- Genre: Reality television
- Country of origin: United States
- Original language: English
- No. of seasons: 1
- No. of episodes: 10

Original release
- Network: FYI
- Release: December 8, 2015 – February 9, 2016

= Black Love (2015 TV series) =

Television series

1. BlackLove is an American reality television series that premiered on the FYI cable channel on December 8, 2015. The show follows the personal lives of five black women—Monet Bell, Tennesha Wood, Jahmil Eady, Laree Thomas, and Cynthia Branch—living in New York City as they explore the foundations of fulfilling romantic relationships. The women are guided by relationship experts Damona Hoffman and Jack A. Daniels, who guide them through a series relationship workshops to help them get back to dating and finding the best prospective significant others. The series is not affiliated with the docuseries Black Love (2017).

== Premise ==
The concept of the show stems from the hashtag of the same name that trended in support of the marriage of two black participants, Vaughn Copeland and Monet Bell, on the American reality television show Married at First Sight.
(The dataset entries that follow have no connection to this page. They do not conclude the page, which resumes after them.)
Definition set := X -> Prop.
Definition rel := X -> X -> Prop.
Definition fullset : set := fun _ => True.
Definition emptyset : set := fun _ => False.
Definition compl (A : set) : set := fun x => ~ A x.
Definition setU (A B : set) : set := fun x => A x \/ B x.
Definition single (x : X) : set := fun y => y = x.
Definition subset (A B : set) : Prop := forall x, A x -> B x.
Definition set_eq (A B : set) : Prop := forall x, A x <-> B x.

Definition is_topology (T : set -> Prop) : Prop :=
  T fullset /\ T emptyset /\
  (forall F : set -> Prop, (forall U, F U -> T U) ->
      T (fun x => exists U, F U /\ U x)) /\
  (forall U V, T U -> T V -> T (fun x => U x /\ V x)) /\
  (forall U V, set_eq U V -> T U -> T V).

Definition hausdorff (T : set -> Prop) : Prop :=
  forall x y, x <> y -> exists U V, T U /\ T V /\ U x /\ V y /\
      (forall z, U z -> V z -> False).

Definition compact (T : set -> Prop) (K : set) : Prop :=
  forall F : set -> Prop, (forall U, F U -> T U) ->
    (forall x, K x -> exists U, F U /\ U x) ->
    exists l : list set, (forall U, In U l -> F U) /\
      (forall x, K x -> exists U, In U l /\ U x).

Definition locally_compact (T : set -> Prop) : Prop :=
  forall x, exists U K, T U /\ U x /\ subset U K /\ compact T K.

(* every open cover of X has a countable subcover (empty sets allowed as padding) *)
Definition lindelof (T : set -> Prop) : Prop :=
  forall F : set -> Prop, (forall U, F U -> T U) ->
    (forall x, exists U, F U /\ U x) ->
    exists g : nat -> set, (forall n, F (g n) \/ set_eq (g n) emptyset) /\
      (forall x, exists n, g n x).

Definition zero_dimensional (T : set -> Prop) : Prop :=
  forall U x, T U -> U x -> exists C, T C /\ T (compl C) /\ C x /\ subset C U.

Definition rsub (U V : rel) : Prop := forall x y, U x y -> V x y.
Definition rcomp (U V : rel) : rel := fun x z => exists y, U x y /\ V y z.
According to Gena McCarthy, the Vice President of FYI (the network on which #BlackLove and Married at First Sight both aired), "We are always looking at what's next, and often it's our viewers who pave the way. This show's unique title and concept was created in that spirit and stems from the overwhelming social media use of the hashtag during the first season of Married at First Sight, as viewers rooted for the marriage of Monet Bell and Vaughn Copeland."

== Conclusion ==
The final episode of #BlackLove, "Sealing the Deal," broadcast on February 9, 2016. There are no publicly known plans to continue the series.